▶ [ENTRIES SUPPLIED]:
Lemma spread_le_hdiam c : spread / v <= hdiam v c S.
Proof.
have v0 := v_gt0; have b0 := critical_slope_gt0.
have pair_le p q d : p \in S -> q \in S ->
    d <= `|p.1 - q.1| + beta * `|p.2 - q.2| -> d / v <= hdiam v c S.
  move=> pS qS hd; apply: le_trans (le_hdiam c pS qS).
  by apply: le_trans (htime_ge_flat c p q); rewrite ler_pM2r ?invr_gt0.
have [_ /mapP[q1 q1S ->] /mapP[p1 p1S ->]] := add_range.
have [_ /mapP[q2 q2S ->] /mapP[p2 p2S ->]] := sub_range.
rewrite ler_pdivrMr // ge_max -!ler_pdivrMr //; apply/andP; split.
  apply: (pair_le p1 q1) => //; rewrite /tilt_add.
  have := ler_norm (p1.1 - q1.1); have := ler_norm (p1.2 - q1.2).
  by move=> h1 h2; have := ler_wpM2l (ltW b0) h1; lra.
apply: (pair_le p2 q2) => //; rewrite /tilt_sub.
have := ler_norm (p2.1 - q2.1); have := ler_norm (q2.2 - p2.2); rewrite [`|q2.2 - _|]distrC.
by move=> h1 h2; have := ler_wpM2l (ltW b0) h1; lra.
Qed.

Lemma flat_cost_le p q : p \in S -> q \in S ->
  `|p.1 - q.1| + beta * (`|p.2 - c0| + `|q.2 - c0|) <= spread.
Proof.
move=> pS qS; have b0 := critical_slope_gt0.
have [/(_ p pS) [hp1 hp2] _ _] := add_range; have [/(_ q qS) [hq1 hq2] _ _] := add_range.
have [/(_ p pS) [hp3 hp4] _ _] := sub_range; have [/(_ q qS) [hq3 hq4] _ _] := sub_range.
move: hp1 hp2 hp3 hp4 hq1 hq2 hq3 hq4; rewrite /tilt_add /tilt_sub => *.
have M1 : hi1 - lo1 <= spread by rewrite le_max lexx.
have M2 : hi2 - lo2 <= spread by rewrite le_max lexx orbT.
have hc : 2 * (beta * c0) = hi1 - lo2 - spread.
  by rewrite /best_height; field; rewrite gt_eqF.
have normE x : `|x| = x \/ `|x| = - x by have [] := ger0P x; [left | right].
by case: (normE (p.1 - q.1)) => ->; case: (normE (p.2 - c0)) => ->;
  case: (normE (q.2 - c0)) => ->; lra.
Qed.

Lemma best_height_optimal c : hdiam v c0 S <= hdiam v c S.
Proof.
have v0 := v_gt0; apply: hdiam_le (hdiam_ge0 c S) _ => p q pS qS.
have [steep|flat] := ltrP (beta * `|p.1 - q.1|) `|p.2 - q.2|.
  apply: le_trans (htime_le_edist _ p q) _; apply: le_trans (le_hdiam c pS qS).
  exact: htime_ge_steep.
apply: le_trans (htime_le_flat _ flat) _; apply: le_trans (spread_le_hdiam c).
by rewrite ler_pM2r ?invr_gt0 //; apply: flat_cost_le.
Qed.

End Extremes.

End Highway.

Section FoldExtremes.
Context {d : Order.disp_t} {T : orderType d}.
Implicit Types (x y : T) (s : seq T).

Lemma foldl_max_ge x s y : y \in x :: s -> (y <= foldl Order.max x s)%O.
Proof.
elim: s x y => [|z s IH] x y; first by rewrite mem_seq1 => /eqP->.
rewrite /= !inE => /or3P[/eqP-> | /eqP-> | ys]; last by apply: IH; rewrite inE ys orbT.
  by apply: le_trans _ (IH _ _ (mem_head _ _)); rewrite le_max lexx.
by apply: le_trans _ (IH _ _ (mem_head _ _)); rewrite le_max lexx orbT.
Qed.

Lemma foldl_min_le x s y : y \in x :: s -> (foldl Order.min x s <= y)%O.
Proof.
elim: s x y => [|z s IH] x y; first by rewrite mem_seq1 => /eqP->.
rewrite /= !inE => /or3P[/eqP-> | /eqP-> | ys]; last by apply: IH; rewrite inE ys orbT.
  by apply: le_trans (IH _ _ (mem_head _ _)) _; rewrite ge_min lexx.
by apply: le_trans (IH _ _ (mem_head _ _)) _; rewrite ge_min lexx orbT.
Qed.

Lemma foldl_max_mem x s : foldl Order.max x s \in x :: s.
Proof.
elim: s x => [|z s IH] x /=; first exact: mem_head.
have := IH (Order.max x z); rewrite !inE => /orP[/eqP->|->]; last by rewrite !orbT.
by case: leP; rewrite eqxx ?orbT.
Qed.

Lemma foldl_min_mem x s : foldl Order.min x s \in x :: s.
Proof.
elim: s x => [|z s IH] x /=; first exact: mem_head.
have := IH (Order.min x z); rewrite !inE => /orP[/eqP->|->]; last by rewrite !orbT.
by case: leP; rewrite eqxx ?orbT.
Qed.

End FoldExtremes.

Lemma maxr_sqrt (R : rcfType) (a e : R) :
  Num.max a e = (a + e + Num.sqrt ((a - e) * (a - e))) / 2%:R.
Proof.
by rewrite -expr2 sqrtr_sqr; case: (leP a e) => h; [rewrite ler0_norm|rewrite gtr0_norm]; lra.
Qed.

Lemma minr_sqrt (R : rcfType) (a e : R) :
  Num.min a e = (a + e - Num.sqrt ((a - e) * (a - e))) / 2%:R.
Proof.
by rewrite -expr2 sqrtr_sqr; case: (leP a e) => h; [rewrite ler0_norm|rewrite gtr0_norm]; lra.
Qed.

Definition rmax a e := RDiv (RAdd (RAdd a e) (RSqrt (RMul (RSub a e) (RSub a e)))) (RNat 2).
Definition rmin a e := RDiv (RSub (RAdd a e) (RSqrt (RMul (RSub a e) (RSub a e)))) (RNat 2).

Lemma reval_rmax (R : realType) (s : ramstate R) a e :
  reval s (rmax a e) = Num.max (reval s a) (reval s e).
Proof. by rewrite maxr_sqrt. Qed.

Lemma reval_rmin (R : realType) (s : ramstate R) a e :
  reval s (rmin a e) = Num.min (reval s a) (reval s e).
Proof. by rewrite minr_sqrt. Qed.

(* Registers: 0 holds n, 1 the address 2i+1 of the current point, 2 the base
   address b = 2n+1, 3 the loop counter i.  Cell b holds the critical slope
   and cells b+1, ..., b+4 the running max and min of [tilt_add] and
   [tilt_sub]. *)
Definition cur_x := RMem (AReg 1).
Definition cur_y := RMem (AAdd (AReg 1) (ANum 1)).
Definition slope := RMem (AReg 2).
Definition cur_tilt_add := RAdd cur_x (RMul slope cur_y).
Definition cur_tilt_sub := RSub cur_x (RMul slope cur_y).
Definition ext k := AAdd (AReg 2) (ANum k).
Definition ext_val k := RMem (ext k).

Definition prelude :=
  CSeq (CNAsgn 2 (AAdd (AAdd (AReg 0) (AReg 0)) (ANum 1)))
  (CSeq (CRStore (AReg 2) (RSqrt (RSub (RMul (RMem (ANum 0)) (RMem (ANum 0))) (RNat 1))))
  (CSeq (CNAsgn 1 (ANum 1))
  (CSeq (CNAsgn 3 (ANum 0))
  (CSeq (CRStore (ext 1) cur_tilt_add)
  (CSeq (CRStore (ext 2) cur_tilt_add)
  (CSeq (CRStore (ext 3) cur_tilt_sub)
        (CRStore (ext 4) cur_tilt_sub))))))).

Definition scan_step :=
  CSeq (CRStore (ext 1) (rmax (ext_val 1) cur_tilt_add))
  (CSeq (CRStore (ext 2) (rmin (ext_val 2) cur_tilt_add))
  (CSeq (CRStore (ext 3) (rmax (ext_val 3) cur_tilt_sub))
  (CSeq (CRStore (ext 4) (rmin (ext_val 4) cur_tilt_sub))
  (CSeq (CNAsgn 1 (AAdd (AReg 1) (ANum 2)))
        (CNAsgn 3 (AAdd (AReg 3) (ANum 1))))))).

Definition scan_loop := CWhile (BALt (AReg 3) (AReg 0)) scan_step.

Definition best_height_exp :=
  RDiv (RSub (RSub (ext_val 1) (ext_val 4))
             (rmax (RSub (ext_val 1) (ext_val 2)) (RSub (ext_val 3) (ext_val 4))))
       (RMul (RNat 2) slope).

Definition highway_prog :=
  CSeq prelude (CSeq scan_loop (CRStore (ANum 0) best_height_exp)).

Section Run.
Variables (R : realType) (v : R) (S : seq (R * R)).
Local Notation n := (size S).
Local Notation b := n.*2.+1.
Local Notation s0 := (init_state v S).
Local Notation pt i := (nth (0, 0) S i).

Definition frame (s : ramstate R) i :=
  [/\ nreg s 0 = n, nreg s 1 = i.*2.+1, nreg s 2 = b, nreg s 3 = i &
      (forall j, (j < b)%N -> rmem s j = rmem s0 j) /\ rmem s b = critical_slope v].

Definition scan op (f : R * R -> R) i := foldl op (f (pt 0)) (map f (take i S)).

Definition invariant s i := frame s i /\
  (rmem s (b + 1), rmem s (b + 2), rmem s (b + 3), rmem s (b + 4)) =
  (scan Num.max (tilt_add v) i, scan Num.min (tilt_add v) i,
   scan Num.max (tilt_sub v) i, scan Num.min (tilt_sub v) i).

Lemma rmem_init_x i : rmem s0 i.*2.+1 = (pt i).1.
Proof. by rewrite /= odd_double /= uphalf_double. Qed.

Lemma rmem_init_y i : rmem s0 (i.*2.+1 + 1) = (pt i).2.
Proof. by rewrite addn1 /= odd_double /= doubleK. Qed.

Lemma frame_rupd s i k x : frame s i -> frame (rupd s (b + k.+1) x) i.
Proof.
case=> r0 r1 r2 r3 [mem sl]; split => //=; split.
  by move=> j jb; rewrite ifN_eq ?mem //; lia.
by rewrite ifN_eq //; lia.
Qed.

Lemma aeval_ext s i k : frame s i -> aeval s (ext k) = (b + k)%N.
Proof. by case=> _ _ r2 _ _; rewrite /= r2. Qed.

Lemma reval_ext_val s i k : frame s i -> reval s (ext_val k) = rmem s (b + k).
Proof. by case=> _ _ r2 _ _; rewrite /= r2. Qed.

Lemma reval_cur_tilt_add s i : frame s i -> (i < n)%N ->
  reval s cur_tilt_add = tilt_add v (pt i).
Proof.
by case=> _ r1 r2 _ [mem sl] lt; rewrite /= r1 r2 sl !mem ?rmem_init_x ?rmem_init_y //; lia.
Qed.

Lemma reval_cur_tilt_sub s i : frame s i -> (i < n)%N ->
  reval s cur_tilt_sub = tilt_sub v (pt i).
Proof.
by case=> _ r1 r2 _ [mem sl] lt; rewrite /= r1 r2 sl !mem ?rmem_init_x ?rmem_init_y //; lia.
Qed.

Lemma exec_store_ext s i k e x c t s' : frame s i -> reval s e = x ->
  exec c (rupd s (b + k.+1) x) t s' -> exec (CSeq (CRStore (ext k.+1) e) c) s t.+1 s'.
Proof.
move=> F <- h; have ek := aeval_ext k.+1 F.
by rewrite -ek in h; apply: (ExSeq (ExRStore _ _ _) h).
Qed.

Lemma scanS op f i : (i < n)%N -> scan op f i.+1 = op (scan op f i) (f (pt i)).
Proof. by move=> lt; rewrite /scan (take_nth (0, 0) lt) map_rcons foldl_rcons. Qed.

Lemma scan_step_run s i : invariant s i -> (i < n)%N ->
  exists s', exec scan_step s 6 s' /\ invariant s' i.+1.
Proof.
case=> F0 [e1 e2 e3 e4] lt.
pose x1 := Num.max (rmem s (b + 1)) (tilt_add v (pt i)).
pose x2 := Num.min (rmem s (b + 2)) (tilt_add v (pt i)).
pose x3 := Num.max (rmem s (b + 3)) (tilt_sub v (pt i)).
pose x4 := Num.min (rmem s (b + 4)) (tilt_sub v (pt i)).
have F1 := frame_rupd 0 x1 F0; have F2 := frame_rupd 1 x2 F1.
have F3 := frame_rupd 2 x3 F2; have F4 := frame_rupd 3 x4 F3.
eexists; split.
  apply: (exec_store_ext F0 (x := x1)).
    by rewrite reval_rmax (reval_ext_val _ F0) (reval_cur_tilt_add F0 lt).
  apply: (exec_store_ext F1 (x := x2)).
    by rewrite reval_rmin (reval_ext_val _ F1) (reval_cur_tilt_add F1 lt) /= eqn_add2l.
  apply: (exec_store_ext F2 (x := x3)).
    by rewrite reval_rmax (reval_ext_val _ F2) (reval_cur_tilt_sub F2 lt) /= !eqn_add2l.
  apply: (exec_store_ext F3 (x := x4)).
    by rewrite reval_rmin (reval_ext_val _ F3) (reval_cur_tilt_sub F3 lt) /= !eqn_add2l.
  exact: ExSeq (ExNAsgn _ _ _) (ExNAsgn _ _ _).
split; last by rewrite /= !eqn_add2l /= !scanS // -e1 -e2 -e3 -e4.
by case: F4 => r0 r1 r2 r3 M; split; rewrite //= ?r1 ?r3 //; lia.
Qed.

Lemma scan_loop_run k s i : (i + k)%N = n -> invariant s i ->
  exists s', exec scan_loop s (7 * k).+1 s' /\ invariant s' n.
Proof.
elim: k s i => [|k IH] s i ik inv.
  rewrite addn0 in ik; subst i; exists s; split => //; apply: ExWhileF.
  by case: inv => -[r0 _ _ r3 _] _; rewrite /= r0 r3 ltnn.
have lt : (i < n)%N by lia.
have [s1 [e1 inv1]] := scan_step_run inv lt.
have [s' [e2 inv']] := IH s1 i.+1 (etrans (addSnnS i k) ik) inv1.
exists s'; split => //; rewrite (_ : 7 * k.+1 = 6 + (7 * k).+1)%N; last by lia.
apply: ExWhileT e1 e2; by case: inv => -[r0 _ _ r3 _] _; rewrite /= r0 r3.
Qed.

Lemma prelude_run : (0 < n)%N -> exists s, exec prelude s0 8 s /\ invariant s 0.
Proof.
move=> n0.
pose sA :=
  nupd (nupd (rupd (nupd s0 2 (n + n + 1)) (n + n + 1) (critical_slope v)) 1 1) 3 0.
have FA : frame sA 0.
  split; rewrite //= ?addnn ?addn1 //; split => [j jb|]; last by rewrite eqxx.
  by rewrite ifN_eq //; lia.
pose x1 := tilt_add v (pt 0); pose x2 := tilt_sub v (pt 0).
have F1 := frame_rupd 0 x1 FA; have F2 := frame_rupd 1 x1 F1; have F3 := frame_rupd 2 x2 F2.
eexists; split.
  apply: ExSeq (ExNAsgn _ _ _) _; apply: ExSeq (ExRStore _ _ _) _.
  apply: ExSeq (ExNAsgn _ _ _) _; apply: ExSeq (ExNAsgn _ _ _) _.
  apply: (exec_store_ext FA (x := x1)); first exact: reval_cur_tilt_add FA n0.
  apply: (exec_store_ext F1 (x := x1)); first exact: reval_cur_tilt_add F1 n0.
  apply: (exec_store_ext F2 (x := x2)); first exact: reval_cur_tilt_sub F2 n0.
  exact: ExRStore.
rewrite (aeval_ext _ F3) (reval_cur_tilt_sub F3 n0); split; first exact: frame_rupd.
by rewrite /scan take0 /= !eqn_add2l.
Qed.

Lemma best_height_exp_val s : invariant s n ->
  reval s best_height_exp = best_height v
    (scan Num.min (tilt_add v) n) (scan Num.max (tilt_add v) n)
    (scan Num.min (tilt_sub v) n) (scan Num.max (tilt_sub v) n).
Proof.
case=> F [e1 e2 e3 e4]; rewrite /= -maxr_sqrt.
by case: F => _ _ r2 _ [_ sl]; rewrite r2 sl e1 e2 e3 e4.
Qed.

Lemma scan_minmax f : (0 < n)%N -> minmax_on S f (scan Num.min f n) (scan Num.max f n).
Proof.
move=> n0; rewrite /scan take_size.
have f0 : f (pt 0) \in map f S by apply/map_f/mem_nth.
have in_map y : y \in f (pt 0) :: map f S -> y \in map f S.
  by rewrite inE => /predU1P[->|].
split; [move=> p pS | exact/in_map/foldl_min_mem | exact/in_map/foldl_max_mem].
have fp : f p \in f (pt 0) :: map f S by rewrite inE map_f ?orbT.
by split; [apply: foldl_min_le | apply: foldl_max_ge].
Qed.

End Run.

Theorem theorem4 :
  exists (P : com) (K : nat),
    forall (R : realType) (S : seq (R * R)) (v : R),
      (3 <= size S)%N -> uniq S -> 1 < v ->
      exists (t : nat) (s' : ramstate R),
        exec P (init_state v S) t s' /\ (t <= K * size S)%N /\
        forall c : R, hdiam v (rmem s' 0) S <= hdiam v c S.
Proof.
exists highway_prog, 17%N => R S v n3 _ v1.
have n0 : (0 < size S)%N by lia.
have [s1 [e1 inv1]] := prelude_run v n0.
have [s2 [e2 inv2]] := scan_loop_run (add0n _) inv1.
exists (8 + ((7 * size S).+1 + 1))%N, (rupd s2 0 (reval s2 best_height_exp)).
split; first exact: ExSeq e1 (ExSeq e2 (ExRStore _ _ _)).
split; first by lia.
move=> c; rewrite (_ : rmem _ 0 = reval s2 best_height_exp) // (best_height_exp_val inv2).
by apply: best_height_optimal => //; apply: scan_minmax.
Qed.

▶ [INSTRUCTIONS TO FOLLOW]:
Reply with nothing except the number of lines in the listing above that include the string "RSub".

▶ [OUTPUT OF THE EXERCISE]:
6